There are monsters in our city and these are their fossilized bones.

When he was a child, he remembered the giant clock that loomed over the dining room, larger than he was tall and quite, quite old. Because of this, he was never really comfortable about eating in general.

Shhh. The street is sleeping quietly now. But sometimes it wakes and moves into the next corner looking for sunlight. (With apologies to China Mieville.)

A fossilized church, finally revealed to the public after years of careful uncovering from the stone that surrounded it.

Thursday, December 01, 2011

Random Shots of a Reluctant Traveler #1: Budapest



So the traveler sets forward, not knowing where the end lay but knowing at least that there is a beginning...

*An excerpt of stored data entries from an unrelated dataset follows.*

Lemma level_knots_le l : (l <= M)%N -> (J ^ l * r <= n)%N.
Proof.
move=> lM; case: HS => knI _ knD _.
pose f (x : l.-tuple 'I_J * 'I_r) := kn x.1 x.2.
have /leq_card : injective f.
  move=> [t1 a1] [t2 a2] /= e.
  have /val_inj e1 : tval t1 = tval t2 by apply: (knD _ _ a1 a2); rewrite ?size_tuple.
  by subst t2; congr (_, _); apply: (knI t1); rewrite ?size_tuple.
by rewrite card_prod card_tuple !card_ord.
Qed.
End MRDStructure.

Section Compiler.
Variables (n r : nat) (K B : eqType).

Inductive src :=
| SInp of 'I_n & 'I_n
| SKey of K
| SEnt of B & 'I_r & 'I_r
| SZero.

(* [Lin k add base ts] defines the scalar [k] as [base + \sum_(t <- ts) t.1 * t.2],
   or as [base - ...] when [~~ add]; [Blk b s f] defines the block [b] as [isq] (if
   [s]) or [invmx] of the r x r matrix of sources [f]. *)
Inductive defn :=
| Lin of K & bool & src & seq (src * src)
| Blk of B & bool & ('I_r -> 'I_r -> src).

Definition target (d : defn) : K + B :=
  match d with Lin k _ _ _ => inl k | Blk b _ _ => inr b end.

Definition defn_cost (d : defn) : nat :=
  match d with Lin _ _ _ ts => 2 * size ts | Blk _ _ _ => r ^ 3 end.

Definition width (c : instr n r) : nat :=
  match c with IInv _ | IIsq _ => r * r | _ => 1 end.

Definition nregs (P : seq (instr n r)) : nat := \sum_(c <- P) width c.

Fixpoint lin_code (add : bool) (m : nat) (acc : opnd n)
    (ts : seq (opnd n * opnd n)) : seq (instr n r) * opnd n :=
  if ts is (x, y) :: ts' then
    let rest := lin_code add m.+2 (OReg n m.+1) ts' in
    (@IMul n r x y :: (if add then @IAdd n r else @ISub n r) acc (OReg n m) :: rest.1,
     rest.2)
  else ([::], acc).

Record state := State {
  code : seq (instr n r);
  env : K -> opnd n;
  benv : B -> 'I_r -> 'I_r -> opnd n }.

Definition loc (st : state) (s : src) : opnd n :=
  match s with
  | SInp i j => OInp i j
  | SKey k => env st k
  | SEnt b a c => benv st b a c
  | SZero => OZero n
  end.

Definition step (st : state) (d : defn) : state :=
  match d with
  | Lin k add base ts =>
    let lc := lin_code add (nregs (code st)) (loc st base)
                [seq (loc st t.1, loc st t.2) | t <- ts] in
    State (code st ++ lc.1) [eta env st with k |-> lc.2] (benv st)
  | Blk b s f =>
    let m := nregs (code st) in
    let ins := (if s then @IIsq n r else @IInv n r) (fun a c => loc st (f a c)) in
    State (rcons (code st) ins) (env st)
      [eta benv st with b |-> fun a c : 'I_r => OReg n (m + (a * r + c))]
  end.

Definition empty_state : state := State [::] (fun _ => OZero n) (fun _ _ _ => OZero n).

Definition compile (ds : seq defn) : state := foldl step empty_state ds.

Lemma prog_cost_lin_code add m acc ts :
  prog_cost (lin_code add m acc ts).1 = (2 * size ts)%N.
Proof.
elim: ts m acc => [|[x y] ts IH] m acc /=; first by rewrite /prog_cost big_nil.
by rewrite /prog_cost !big_cons -/(prog_cost _) IH; case: (add) => /=; lia.
Qed.

Lemma prog_cost_step st d :
  prog_cost (code (step st d)) = (prog_cost (code st) + defn_cost d)%N.
Proof.
rewrite /prog_cost; case: d => [k add base ts|b s f] /=.
  by rewrite big_cat -!/(prog_cost _) prog_cost_lin_code size_map.
by rewrite -cats1 big_cat big_seq1; case: s.
Qed.

Lemma prog_cost_compile ds :
  prog_cost (code (compile ds)) = (\sum_(d <- ds) defn_cost d)%N.
Proof.
suff gen st : prog_cost (code (foldl step st ds)) =
              (prog_cost (code st) + \sum_(d <- ds) defn_cost d)%N.
  by rewrite /compile gen /prog_cost big_nil.
elim: ds st => [|d ds IH] st /=; first by rewrite big_nil addn0.
by rewrite IH prog_cost_step big_cons addnA.
Qed.

Lemma map_target_codom (T : finType) (f : T -> defn) :
  map target (codom f) = codom (target \o f).
Proof. by rewrite !codomE map_comp. Qed.

Lemma sum_cost_codom_le (T : finType) (f : T -> defn) c :
  (forall x, defn_cost (f x) <= c)%N -> (\sum_(d <- codom f) defn_cost d <= #|T| * c)%N.
Proof. by move=> fc; rewrite codomE big_map big_enum -sum_nat_const; apply: leq_sum. Qed.
End Compiler.

Arguments SInp {n r K B}.
Arguments SKey {n r K B}.
Arguments SEnt {n r K B}.
Arguments SZero {n r K B}.
Arguments Lin {n r K B}.
Arguments Blk {n r K B}.
Arguments step {n r K B}.
Arguments target {n r K B}.

Section Semantics.
Variables (R : realFieldType) (n r : nat) (K B : eqType).
Variables (isq : 'M[R]_r -> 'M[R]_r) (S : 'M[R]_n).
Variables (valK : K -> R) (valB : B -> 'M[R]_r).

Local Notation exec := (exec_instr isq S).
Local Notation run := (foldl exec).
Local Notation ev := (eval_opnd S).
Local Notation src := (src n r K B).
Local Notation defn := (defn n r K B).
Local Notation state := (state n r K B).

Definition bounded (m : nat) (o : opnd n) : bool :=
  if o is OReg k then (k < m)%N else true.

Lemma bounded_mono m m' o : (m <= m')%N -> bounded m o -> bounded m' o.
Proof. by case: o => //= k mm' km; apply: leq_trans km mm'. Qed.

Lemma shape_flat_mx (A : 'M[R]_r) :
  shape [seq [seq A a b | b <- enum 'I_r] | a <- enum 'I_r] = nseq r r.
Proof.
set rows := [seq [seq A a b | b <- enum 'I_r] | a <- enum 'I_r].
have /all_pred1P -> : all (pred1 r) (shape rows).
  by apply/allP => _ /mapP[_ /mapP[a _ ->] ->]; rewrite /= size_map size_enum_ord.
by rewrite !size_map -enumT size_enum_ord.
Qed.

Lemma size_flat_mx (A : 'M[R]_r) : size (flat_mx A) = (r * r)%N.
Proof. by rewrite size_flatten shape_flat_mx sumn_nseq. Qed.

The church glowed in the night, a sanctuary to the fearful vampires that hid from the burning torches of the lynch mobs.

The boy sorcerer fell from the cliff and into history, the oppressed non-magic-using peoples setting up a hidden memorial for the one who tried to defy his own kind.

There is a sunset that will never come, one painted red and gold by memories that will never tarnish, that will never be forgotten by those who love us.

Do you see the secret? Do you? It's there, if you know where to look.

The lions of this place, they speak to me. They are old souls and they have seen so many things. That is why they are constantly laughing, for what other reaction would you expect them to have?

The master of all creative geniuses is an empty mask that hangs over your head and mocks your best efforts. Didn't you know that?

It was an old picture he found dumped in his closet. When he compared it to memory, they were the same: the colors faded by time and age.

She walked away, down and out from his life. From where he stood, it seemed like she was walking away into forever.

He shook his head: the defenders of the castle had finally come, in their tourist buses and bearing their weapons of digital cameras and tourist maps.

The sentinel does not mind. He will wait.

Their family portraits had always been grand and glorious affairs. Unfortunately, they took forever to create.

I finally understood what it means to be enshrined in people's memories, trapped by the weight of regret and anger bearing me down. Like a tomb.

The past is a palace that stands on the far side of the river of time, musty with age and lonely with echoes.

He sold crossbows and bows and arrows for a living. He used to joke that his target market was a hit-or-miss thing.

Look, over there. I can see you standing in the distance, waving at me. But I do not believe it's really you. It's just a dream and you are too far away to be real.